Users can replace `hp.obo` via this path: `~/anaconda3/envs/PhenoDP/lib/python3.7/site-packages/pyhpo/data`.


In [2]:
%%time 
Ontology()

CPU times: user 28.7 s, sys: 644 ms, total: 29.3 s
Wall time: 29.3 s


<pyhpo.ontology.OntologyClass at 0x7f79ed110ef0>

## Next Steps: Read Necessary Preprocessing Files

Next, read the necessary preprocessing files. The download link can be found on the GitHub PhenoDP project homepage.

- `JC_sim_dict.pkl` is a dictionary that contains the HPO term-disease similarity matrix calculated using the JC method.
- `node_embedding_dict_T5_gcn.pkl` is an embedding vector for each node in the HPO DAG, generated by PSD-HPOEncoder.


In [3]:
%%time 
with open('../JC_sim_dict.pkl', 'rb') as f:
    hp2d_sim_dict = pickle.load(f)
    
with open('../node_embedding_dict_T5_gcn.pkl', 'rb') as f:
    node_embedding = pickle.load(f)
    


CPU times: user 14.7 s, sys: 4.56 s, total: 19.3 s
Wall time: 19.1 s


In [4]:
%%time 
pre_model = PhenoDP_Initial(Ontology)
phenodp = PhenoDP(pre_model=pre_model, hp2d_sim_dict=hp2d_sim_dict, node_embedding=node_embedding)

generate disease dict...
related hpo num: 8950
generate disease ic dict... 
calculating hp weights
PCL_HPOEncoder is None
CPU times: user 3.77 s, sys: 144 ms, total: 3.92 s
Wall time: 3.91 s


## Running Example

In [5]:
%%time
test_set = ['HP:0003521',
 'HP:0000470',
 'HP:0001249',
 'HP:0003422',
 'HP:0003418',
 'HP:0002751']

test_tar = 277300

CPU times: user 0 ns, sys: 0 ns, total: 0 ns
Wall time: 11 µs


In [6]:
%%time
df = phenodp.run_Ranker(test_set)

Find Candidate Diseases: 100%|██████████| 2238/2238 [00:00<00:00, 30660.16it/s]
Calculating Phi Scores: 100%|██████████| 200/200 [00:00<00:00, 511.41it/s]
Calculating Embedding Similarity: 100%|██████████| 200/200 [00:01<00:00, 167.63it/s]

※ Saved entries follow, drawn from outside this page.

(* The greedy dispatch, which stores as much surplus as the power and energy
   capacities allow and discharges as much as possible during a deficit, is
   optimal for (P1): by induction on the hour it has always discharged at least
   as much as any feasible trajectory, and discharged plus stored at least as
   much.  So the optimal value is the objective of the greedy trajectory, which
   is built from either capacity by sums, scalings, [min] and [max] of affine
   functions and is therefore continuous and piecewise affine.  Enlarging a
   capacity enlarges the feasible set, so the EUE is non-increasing, and a
   non-increasing function has non-positive derivative. *)

From HB Require Import structures.
From mathcomp Require Import all_boot all_order all_algebra.
From mathcomp Require Import all_classical all_reals all_analysis.
From mathcomp Require Import ring lra.
Set Implicit Arguments. Unset Strict Implicit. Unset Printing Implicit Defensive.
Import Order.TTheory GRing.Theory Num.Theory.
Import numFieldNormedType.Exports.
Local Open Scope classical_set_scope.
Local Open Scope ring_scope.

Section PiecewiseAffine.
Variable R : realType.
Implicit Types (f g : R -> R) (l : R * R) (a c u v x : R).

Definition aff l x : R := l.1 * x + l.2.

Lemma affD l1 l2 x : aff (l1 + l2) x = aff l1 x + aff l2 x.
Proof. by rewrite /aff /=; ring. Qed.

Lemma affB l1 l2 x : aff (l1 - l2) x = aff l1 x - aff l2 x.
Proof. by rewrite /aff /=; ring. Qed.

(* Junk value [0] when [l.1 = 0]; then [aff l] is constant and its sign is
   the same everywhere anyway. *)
Definition aff_root l : R := - l.2 / l.1.

Lemma aff_sign_on l u v : ~~ (u < aff_root l < v) ->
  {in `[u, v], forall x, 0 <= aff l x} \/ {in `[u, v], forall x, aff l x <= 0}.
Proof.
have [m0|m_neq0] := eqVneq l.1 0.
  rewrite /aff m0 => _; have [c_ge0|c_lt0] := lerP 0 l.2; [left|right] => x _.
    by rewrite mul0r add0r.
  by rewrite mul0r add0r ltW.
have affE x : aff l x = l.1 * (x - aff_root l) by rewrite /aff /aff_root; field.
rewrite negb_and -!leNgt => root_out.
have [m_ge0|m_lt0] := lerP 0 l.1;
  case/orP: root_out => [ru|vr]; [left|right|right|left] => x;
  rewrite in_itv /= affE => /andP[ux xv]; nra.
Qed.

Lemma aff_eq_on_two_points l l' u v : u != v ->
  aff l u = aff l' u -> aff l v = aff l' v -> aff l =1 aff l'.
Proof.
move=> uv Eu Ev.
have /eqP : (l.1 - l'.1) * (u - v) = 0 by move: Eu Ev; rewrite /aff; nra.
rewrite mulf_eq0 !subr_eq0 (negbTE uv) orbF => /eqP slope.
by move=> x; move: Eu; rewrite /aff slope => /addrI ->.
Qed.

(* [s] contains the breakpoints, [L] the affine pieces. *)
Definition pwaffine f : Prop :=
  continuous f /\ exists (s : seq R) (L : seq (R * R)),
    forall u v, ~~ has (fun b => u < b < v) s ->
      exists2 l, l \in L & {in `[u, v], f =1 aff l}.

Lemma pwaffine_cst c : pwaffine (fun=> c).
Proof.
split; first exact: cst_continuous.
by exists [::], [:: (0, c)] => u v _; exists (0, c) => [|x _]; rewrite ?inE // /aff mul0r add0r.
Qed.

Lemma pwaffine_id : pwaffine (fun x => x).
Proof.
split; first by move=> x; exact: cvg_id.
by exists [::], [:: (1, 0)] => u v _; exists (1, 0) => [|x _]; rewrite ?inE // /aff mul1r addr0.
Qed.

Lemma pwaffineD f g : pwaffine f -> pwaffine g -> pwaffine (fun x => f x + g x).
Proof.
move=> [fc [s1 [L1 Hf]]] [gc [s2 [L2 Hg]]].
split; first by move=> x; apply: cvgD; [exact: fc | exact: gc].
exists (s1 ++ s2), [seq l1 + l2 | l1 <- L1, l2 <- L2] => u v.
rewrite has_cat negb_or => /andP[/Hf[l1 l1L E1] /Hg[l2 l2L E2]].
exists (l1 + l2); first exact: allpairs_f.
by move=> x xI; rewrite affD E1 ?E2.
Qed.

Lemma pwaffineZ k f : pwaffine f -> pwaffine (fun x => k * f x).
Proof.
move=> [fc [s [L Hf]]]; split.
  by move=> x; apply: cvgM; [exact: cvg_cst | exact: fc].
exists s, [seq (k * l.1, k * l.2) | l <- L] => u v /Hf[l lL E].
exists (k * l.1, k * l.2); first exact: (map_f (fun l => (k * l.1, k * l.2))).
by move=> x xI; rewrite E // /aff /=; ring.
Qed.

Lemma pwaffineN f : pwaffine f -> pwaffine (fun x => - f x).
Proof. by move=> pf; under eq_fun do rewrite -mulN1r; exact: pwaffineZ. Qed.

Lemma pwaffineB f g : pwaffine f -> pwaffine g -> pwaffine (fun x => f x - g x).
Proof. by move=> pf pg; apply: pwaffineD => //; exact: pwaffineN. Qed.

(* On an interval containing no crossing point of the two lines, one of
   them lies below the other throughout. *)
Lemma pwaffine_min f g : pwaffine f -> pwaffine g ->
  pwaffine (fun x => Num.min (f x) (g x)).
Proof.
move=> [fc [s1 [L1 Hf]]] [gc [s2 [L2 Hg]]].
split; first exact: min_fun_continuous.
exists (s1 ++ s2 ++ [seq aff_root (l1 - l2) | l1 <- L1, l2 <- L2]), (L1 ++ L2).
move=> u v; rewrite !has_cat !negb_or => /and3P[/Hf[l1 l1L E1] /Hg[l2 l2L E2]].
move=> /hasPn/(_ _ (allpairs_f (fun l1 l2 => aff_root (l1 - l2)) l1L l2L)).
case/aff_sign_on => sign; [exists l2|exists l1]; rewrite ?mem_cat ?l1L ?l2L ?orbT //.
  move=> x xI; have gf : g x <= f x by rewrite E1 // E2 // -subr_ge0 -affB sign.
  by rewrite min_r // E2.
move=> x xI; have fg : f x <= g x by rewrite E1 // E2 // -subr_le0 -affB sign.
by rewrite min_l // E1.
Qed.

CPU times: user 1.76 s, sys: 92 ms, total: 1.85 s
Wall time: 1.71 s





In [7]:
df

Unnamed: 0,Disease,Total_Similarity
0,277300,0.820066
1,271630,0.759071
2,271530,0.736881
3,613330,0.731544
4,122600,0.730328
...,...,...
195,106300,0.506284
196,300514,0.503490
197,300915,0.494481
198,600384,0.460572


# Run the Recommender

## load weights

`transformer_encoder_infonce_norm.pth` is our pre-trained PCL_HPOEncoder. You can generate it by following our `.ipynb` file, or download it from the GitHub PhenoDP project homepage.


In [8]:
%%time
from PCL_HPOEncoder import PCL_HPOEncoder
input_dim = 256
num_heads = 8
num_layers = 3
hidden_dim = 512
output_dim = 1
max_seq_length = 128
PCL_HPOEncoder = PCL_HPOEncoder(input_dim, num_heads, num_layers, hidden_dim, output_dim, max_seq_length)
PCL_HPOEncoder.load_state_dict(torch.load('../20240723/res_baseline/transformer_encoder_infonce_norm.pth'))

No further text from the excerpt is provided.